We try to describe God in the boundaries of our physical world: we tell stories, we draw pictures, we use words. Even the personified sense of God seems kinda silly sometimes, and assigning him a sex, as if he were some old man in a white robe waiting in the clouds, sitting on a big throne of cherubs or some other silliness. Those ideas make for great Renaissance paintings, and good for Michelangelo for that whole Sistine Chapel business. I just think that's our best attempt at explaining a force greater than ourselves that exists in a place where we only have such intangible and immeasurable contact with. We try to define God in physical terms, and it works to get the story across, but I don't think it quite comes close, and I think sometimes we should remind ourselves of that.

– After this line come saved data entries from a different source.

(* Let $n$ be even. The expected runtime of the SD-(1+1) EA with parameter $R$, where $n+1\le R\le n^{O(1)}$, on $\mathrm{LeadingOnes}$ is $O(n^2)$.
   Context: $\mathrm{LeadingOnes}(x_1,\dots,x_n)=\sum_{i=1}^n\prod_{j=1}^i x_j$. The SD-(1+1) EA with parameter $R\ge1$ maximizing $f\colon\{0,1\}^n\to\mathbb{R}$ ($n$ even) works as follows: choose $x$ uniformly at random from $\{0,1\}^n$, set strength $r\gets 1$ and counter $u\gets0$. In each iteration: create $y$ from $x$ by flipping each bit independently with probability $r/n$; set $u\gets u+1$. If $f(y)>f(x)$, set $x\gets y$, $r\gets1$, $u\gets0$. Otherwise, if $f(y)=f(x)$ and $r=1$, set $x\gets y$; and (in the case $f(y)\le f(x)$) if $u>2(en/r)^r\ln(nR)$, set $r\gets\min\{r+1,n/2\}$ and $u\gets 0$. The runtime is the number of iterations until a global maximum is first created. *)

From HB Require Import structures.
From mathcomp Require Import all_boot all_order all_algebra.
From mathcomp Require Import reals ereal sequences exp.
Set Implicit Arguments. Unset Strict Implicit. Unset Printing Implicit Defensive.
Import Order.TTheory GRing.Theory Num.Theory.
Local Open Scope ring_scope.

Section SDEA.
Variable R : realType.
Variable n : nat.

Definition bits := {ffun 'I_n -> bool}.

Definition LeadingOnes (x : bits) : nat :=
  \sum_(i < n) \prod_(j < n | (j <= i)%N) (x j : nat).

Definition ones : bits := [ffun => true].
(* Let $F=L-N:X\to Y$ be continuous and satisfy hypothesis (H) and hypotheses (V+) and (V−). Then $F:X\to Y$ is proper (preimages of compact sets are compact) if and only if, for every $z\in H_Y$, the restriction of $F$ to the fiber $\{u(z,t):t\in\mathbb{R}\}$ is proper as a map to $z+V_Y$.
   Context: Let $X,Y$ be real Hilbert spaces, $X$ densely included in $Y$, and let $L:X\subset Y\to Y$ be a self-adjoint operator, $X$ carrying the graph norm. Let $\lambda_p$ be a simple isolated eigenvalue of $L$ with eigenvector $\phi_p\in X$, $\|\phi_p\|_Y=1$. Let $V_X=V_Y=\langle\phi_p\rangle$ be its real span, $H_Y=\{y\in Y:\langle y,\phi_p\rangle_Y=0\}$, $H_X=X\cap H_Y$, and $P:Y\to H_Y$ the orthogonal projection. Let $N:Y\to Y$, $F=L-N:X\to Y$, and for $t\in\mathbb{R}$ let $PN_t:H_Y\to H_Y$, $PN_t(w)=PN(w+t\phi_p)$, and $PF_t:H_X\to H_Y$, $PF_t(w)=PF(w+t\phi_p)$. Hypothesis (H): there is $n\ge0$ such that every $PN_t$ is Lipschitz with constant $n$ independent of $t$, and $[-n,n]\cap\sigma(L)=\{\lambda_p\}$. Under (H) each $PF_t$ is a homeomorphism; for $z\in H_Y$, $t\in\mathbb{R}$ let $w(z,t)=(PF_t)^{-1}(z)$ and $u(z,t)=w(z,t)+t\phi_p$, so $\{u(z,t):t\in\mathbb{R}\}=F^{-1}(z+V_Y)$ is the fiber associated to $z$. Hypotheses (V±): for each $z_0\in H_Y$ there are a ball $U(z_0)\subset H_Y$ centered at $z_0$ and constants $\epsilon>0$, $T>0$, $c_+,c_-\in\mathbb{R}$ such that for all $z\in U(z_0)$: (V+) $\langle N(u(z,t)),\phi_p\rangle_Y>(\lambda_p+\epsilon)t+c_+$ for $t>T$; (V−) $\langle N(u(z,t)),\phi_p\rangle_Y>(\lambda_p-\epsilon)t+c_-$ for $t<-T$. *)

From Stdlib Require Import Reals List.
Open Scope R_scope.
Theorem proposition3p5 (W : lmodType R) (EW : scSpace W) (k n N : nat)
  (U : nat -> ('rV[R]_n * W)%type -> Prop)
  (g : ('rV[R]_n * W)%type -> ('rV[R]_N * W)%type) :
  is_scBanach EW ->
  (k <= n)%N ->
  is_germ_nbhd (sc_sum (sc_fin n) EW) (fun p => @quadrant k n p.1) U ->
  sc_smooth (sc_sum (sc_fin n) EW) (sc_sum (sc_fin N) EW) U g ->
  sc0_contraction EW U (fun p => (g p - g 0).2) ->
  lin_fredholm_index (sc_sum (sc_fin n) EW) (sc_sum (sc_fin N) EW)
    (fun p => @quadrant k n p.1) U g (n%:Z - N%:Z).
Proof.
move=> hB _ hU g_smooth contr.
have hW := scBanach_normed hB; have dense := scBanach_lvl1_dense hB.
have hEn := sc_normed_sum_fin hW n; have hFN := sc_normed_sum_fin hW N.
have [[g_lvl _] [L [dL tan]]] := g_smooth 1%N.
have [U_dec [U_sub [U0 _]]] := hU.
have U_lvl m x : U m x -> lvl (sc_sum (sc_fin n) EW) m x by case/U_sub.
have G_lvl y : U 1 y -> lvl (sc_sum (sc_fin N) EW) 0 (g y).
  by move=> Uy; apply: g_lvl 0%N y (U_dec 0%N y Uy).
have dD := dL 0 (U0 1%N).
have hD := scderiv_sc_operator hEn hFN U0 dD tan.
have D_snd := contraction_deriv_snd hW hU G_lvl dense contr dD.
have s_plus := affine_sc_plus hEn hFN (fin_part_sc_operator hW hD)
  (fin_part_sc_operator_shift hW hD) (fun m => g_lvl m 0 (U0 m)) U_lvl.
exists U, (fun x => g 0 + fin_part (L 0) x); split=> //; split=> //.
split; first by rewrite (linear_lvl0_0 hEn (fin_part_linear hW hD)) addr0.
move=> U'; have hU' : is_germ_nbhd _ _ U' := is_germ_nbhd_meet hU hU.
have dsnd := scderiv_sub_affine (g 0) hEn (U' := U') (fun y Uy => proj1 Uy)
  (fin_part_linear hW hD) (sc_operator_bounded_linear0 (snd_sc_operator EW n N))
  (fin_part_decomp hW hD D_snd) (lvl0 hEn 0) dD.
split; first by exists (fun x => (0, x.2)).
move=> L' dL'; exists n, N; split=> //; apply: sc_fredholm_snd => // x x0.
apply: (scderiv_unique_quadrant hW hU' _ dense dL' dsnd x0) => y [Uy _].
exact: (lvlB hFN (G_lvl y Uy) ((s_plus.1 0%N).1 0%N y (U_dec 0%N y Uy))).
Qed.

We also try to measure God with scientific method, which of course will ALWAYS turn up with a big fat negative on the geigometer, but I think it's because you're using the right equipment in the wrong sport. It's like bringing a tennis racket to a water polo game and wondering why you can't get anything done. We don't have a way of measuring what the soul tells us, so we're just stuck with people's hearsay, and of course our own feelings (which we should either be trusting, or just giving up on life altogether).

And yes, I certainly believe in a soul, in a level of our consciousness that goes beyond the physical world that we know how to touch and measure. Being an artist, musician, dancer, etc, beautiful things in this world stimulate my essence in a way that I don't think anyone can explain. I certainly can't, and they happen to me every day. You can't explain love. You can hook electrodes up to my brain and print the results out on a chart, and that's wonderful because there is something we can all learn from that data to benefit humankind. And furthermore that type of scientific analysis that rules our physical world should never be discredited; in fact it should be praised and diligently continued until we unlock every quark the universe holds. However, the experiences of the soul are just different, and they should be acknowledged and respected as such.